Весь следующий день прошел, как обычно. Ты сам знаешь, что мой день и дома, и на работе, строго нормирован. Мое сознание оказалось в привычной среде, в привычных обстоятельствах. Однако со мной уже что-то происходило. Снова и снова я мысленно возвращался к тому моменту разговора, когда Ирина и Кэролайн упомянули о своих недостатках. Просто лишь в этих фразах они коснулись того, что неправильно в них, а не во мне, пусть даже они и сделали это в шутку. Ночь я провел без сна – передо мной вновь и вновь вставал разговор в том сиреневом будуаре и я слышал их хохот. А на следующий день…
Вдруг Чарли, тихо и как-то хищно захихикав, сполз по стене и сел возле нее на корточки. Лицо его стало совершенно бледным, губы посинели, а белки глаз, напротив, покраснел от лопнувших сосудов.
– На следующий день мысль о _неправильности_ их облика завладела мной. Не сама по себе, разумеется – я сам удержал ее, взлелеял, и нес в себе, боясь расплескать. Я шел на сделку со своим искалеченным мозгом, думал не о последствиях своих действий, а лишь о том, что Ирина считает дурным свой нос.

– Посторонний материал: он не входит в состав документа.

(* Let $p\ge1$ be an integer, let $\lambda$ be a random variable with the beta distribution $\mathrm{Beta}(1,p)$, i.e. with density $p(1-t)^{p-1}$ on $[0,1]$, and let $Z$ be a random variable whose conditional distribution given $\lambda=t$ is Poisson with mean $t$ (so $Z$ has the beta-Poisson distribution). Then for every integer $n\ge0$ and every real $x$, $$\mathcal{B}_{n,p}(x)=\mathbb{E}\big[(x+Z)^n\big].$$
   Context: For an integer $p\ge0$, the $p$-Bell numbers $\mathcal{B}_{n,p}$ are defined by $\sum_{n\ge0}\mathcal{B}_{n,p}\frac{z^n}{n!}=\sum_{n\ge0}\binom{n+p}{p}^{-1}\frac{(e^z-1)^n}{n!}$, and the $p$-Bell polynomials by $\mathcal{B}_{n,p}(x)=\sum_{k=0}^n\binom nk\mathcal{B}_{k,p}x^{n-k}$. *)

From HB Require Import structures.
From mathcomp Require Import all_boot all_order all_algebra.
From mathcomp Require Import all_classical all_reals all_analysis.
Set Implicit Arguments. Unset Strict Implicit. Unset Printing Implicit Defensive.
Import Order.TTheory GRing.Theory Num.Theory.
Local Open Scope ring_scope.

Section FPS.
Variable R : realType.

Definition fps_mul (f g : nat -> R) : nat -> R :=
  fun n => \sum_(i < n.+1) f i * g (n - i)%N.

Definition fps_one : nat -> R := fun n => if n == 0%N then 1 else 0.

Разумеется, чтобы не причинить ей боли, требовалась анестезия. Я предпочел использовать лучшую из всех, какие я знал, и взял ампулу из твоей лаборатории. Извини меня, папа, но наполнив заранее шприц, я намеренно оставил ампулу на чердаке.
– Зачем?
– Но ведь это хорошо и правильно – помогать правосудию. Я сидел и ждал в будуаре, пока служанка помогала Ирине одеться – открыв дверцу, которая вела в ее гардеробную, я все отлично слышал. Когда служанка ушла, я взял шприц, сумку с инструментами, и спустился. О, до сих пор вижу перед собой лицо Ирины в тот момент, когда она открыла двери гардеробной и увидела меня! Она ведь испугалась в первое мгновение. Потом правда, опомнилась, стала что-то говорить, как всегда, с насмешкой. Она не обращала внимания на то, что я держал в руках. Она взяла с вешалки возле двери кружевной кушак и повернулась ко мне спиной, собираясь вернуться в комнату. И тогда я вколол ей твой анестетик. Кстати, он прекрасно действует с первых же секунд – пациент даже боль от укола перестает ощущать мгновенно…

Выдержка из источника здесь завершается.